X_c ; is a parameter independent of time, it varies with frequency.
u/i ; is a function of time.

The two sides may have the same dimensions, but being from different domains, cannot be equated without an explicit transform.

 

[vanhees71]

The trick with the impedances doesn't work with cos and sin but with the (complex) exponential function. This is a mathematical trick. You can take the real part as the physical quantities.

 

[gleem]

u/i is time-varying, as pointed out above, but you expected it to be a constant. You are trying to apply Ohm's law defined for DC to AC which is of course time varying. How can you explain the disappearance of the frequency dependence of X_c if u/i is supposed to equal U_M/I_M?

u/i =(U_M/I_M) tan(ωt).

Every time ωt =nπ/2 where n is an integer u/i → ∞ since the current at that instant =0 and every time ωt =nπ u/i = 0 since at that instant the current → ∞.
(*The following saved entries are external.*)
Lemma is_derive_lift_along (x0 y0 dx dy t : R) : x0 + t * dx < 0 ->
  is_derive (fun s => dx * lift_re m (x0 + s * dx) (y0 + s * dy)
                      + dy * lift_im m (x0 + s * dx) (y0 + s * dy)) t
    ((dx ^ 2 + dy ^ 2) * lift_slope m (x0 + t * dx) (y0 + t * dy)).
Proof.
  intros Hx. pose proof (onep_re_pos _ (y0 + t * dy) Hx) as Ha.
  pose proof (onep_norm2_pos _ (y0 + t * dy) Hx) as Hq.
  unfold lift_re, lift_im, lift_slope, onep_norm2, onep_re, onep_im in *.
  auto_derive.
  - repeat split; lra.
  - field. split; lra.
Qed.

(* Along the segment z(s) from z2 to z1, s |-> <z1 - z2, G (z s)> has derivative
   |z1 - z2|^2 Re G' >= 0 and equal values at both ends, so Re G' vanishes at two
   distinct nearby points; but its zeros -ln d + i (2k+1) pi are isolated. *)
Lemma lift_injective (x1 y1 x2 y2 : R) : x1 <= - ln D -> x2 <= - ln D ->
  lift_re m x1 y1 = lift_re m x2 y2 -> lift_im m x1 y1 = lift_im m x2 y2 ->
  x1 = x2 /\ y1 = y2.
Proof.
  intros H1 H2 Ere Eim.
  set (dx := x1 - x2). set (dy := y1 - y2).
  destruct (Req_dec (dx ^ 2 + dy ^ 2) 0) as [Z | NZ].
  { assert (dx = 0) by nra. assert (dy = 0) by nra. unfold dx, dy in *. split; lra. }
  exfalso.
  set (zx := fun s => x2 + s * dx). set (zy := fun s => y2 + s * dy).
  assert (Hseg : forall s, 0 <= s <= 1 -> zx s <= - ln D) by (intros s Hs; unfold zx, dx; nra).
  set (eps := / (3 * (Rabs dy + 1))).
  assert (Heps : eps * (Rabs dy + 1) = 1 / 3) by (unfold eps; field; pose proof (Rabs_pos dy); lra).
  pose proof (Rabs_pos dy).
  assert (Heps' : 0 < eps <= 1 / 3) by (split; [apply Rinv_0_lt_compat |]; nra).
  destruct (derive_vanishes_near_0
              (fun s => dx * lift_re m (zx s) (zy s) + dy * lift_im m (zx s) (zy s))
              (fun s => (dx ^ 2 + dy ^ 2) * lift_slope m (zx s) (zy s)) eps)
    as [c1 [c2 [Hc [Hc2 [Z1 Z2]]]]].
  - intros s Hs. apply is_derive_lift_along, half_plane_neg, Hseg, Hs.
  - intros s Hs. apply Rmult_le_pos; [nra | apply lift_slope_nonneg, Hseg, Hs].
  - unfold zx, zy. rewrite !Rmult_0_l, !Rplus_0_r, !Rmult_1_l.
    unfold dx, dy. rewrite !Rplus_minus, Ere, Eim. reflexivity.
  - exact Heps'.
  - apply Rmult_integral in Z1 as [Z1 | Z1]; [contradiction |].
    apply Rmult_integral in Z2 as [Z2 | Z2]; [contradiction |].
    apply lift_slope_eq_0 in Z1 as [X1 C1]; [| apply Hseg; lra].
    apply lift_slope_eq_0 in Z2 as [X2 C2]; [| apply Hseg; lra].
    unfold zx, zy in *.
    assert (Hdx : (c2 - c1) * dx = 0) by lra.
    apply Rmult_integral in Hdx as [Hdx | Hdx]; [lra |].
    pose proof (cos_diff_of_cos_eq_m1 _ _ C2 C1) as Hcos.
    replace (y2 + c2 * dy - (y2 + c1 * dy)) with ((c2 - c1) * dy) in Hcos by ring.
    assert (Hsmall : Rabs ((c2 - c1) * dy) < 1).
    { rewrite Rabs_mult, (Rabs_right (c2 - c1)) by lra. nra. }
    apply Rabs_def2 in Hsmall. pose proof PI2_1.
    apply cos_eq_1_small in Hcos; [| lra].
    apply Rmult_integral in Hcos as [Hdy | Hdy]; [lra |].
    apply NZ. rewrite Hdx, Hdy. ring.
Qed.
Ohm's law applied to AC works if you consider the effective voltage and current instead of the instantaneous. The effective voltage or current is the DC voltage or current that has the same energy dissipation effects as the actual AC voltage or current.

V_eff = V_M/√2 same with current.

So that V_eff =|Z| I_eff where |Z| is the magnitude of the complex impedance.

This should be explained in any elementary discussion of AC.

 

[vanhees71]

The ratio of a sinewave, to the same sinewave shifted by Pi/2, is effectively sin/cos, which is a tan function of time.
It has zeros and asymptotes of ±∞, during each cycle.

X_c ; is a parameter independent of time, it varies with frequency.
u/i ; is a function of time.

The two sides may have the same dimensions, but being from different domains, cannot be equated without an explicit transform.

There are no singularities in these solutions and no tan. In the stationary state $i$ and $u$ are both cos functions with different phases. The frequency is that of the external EMF. Take my first example with the "real coil", i.e., a resistance and and ideal inductance in series. Then for the complex amplitudes you get
$$u_0=Z i_0=(R+\mathrm{i} \omega L) i_0.$$
Setting $u(t)=u_0 \exp(\mathrm{i} \omega t)$ you get
$$i(t)=i_0 \exp(\mathrm{i} \omega t)=\frac{u_0}{R+\mathrm{i} \omega L} \exp(\mathrm{i} \omega t).$$
Now you can write
$$\frac{1}{Z}=\frac{1}{R+\mathrm{i} \omega L}=\frac{R-\mathrm{i} \omega L}{R^2+\omega^2 L^2}.$$
This you can write in "polar form"
$$\frac{1}{Z}=\frac{1}{|Z|} \exp(\mathrm{i} \varphi),$$
where
$$|Z|=\sqrt{R^2+\omega^2 L^2}, \quad \varphi=-\frac{R}{\sqrt{R^2+\omega^2 L^2}}.$$
This means that
$$i(t)=\frac{u_0}{\sqrt{R^2+\omega^2 L^2}} \exp[\mathrm{i} (\omega t + \varphi)].$$
Since $\varphi<0$ this implies that the current's phase is behind that of the EMF.

You can always think of the real parts of these complex emf's and currents being the physical quantities. Then the meaning is clear, i.e., in the above example
$$u_{\text{phys}}(t)=u_0 \cos(\omega t), \quad i_{\text{phys}}(t)=\frac{u_0}{\sqrt{R^2+\omega^2 L^2}} \cos(\omega t+\varphi),$$
where I have assumed $u_0 \in \mathbb{R}$ for simplicity.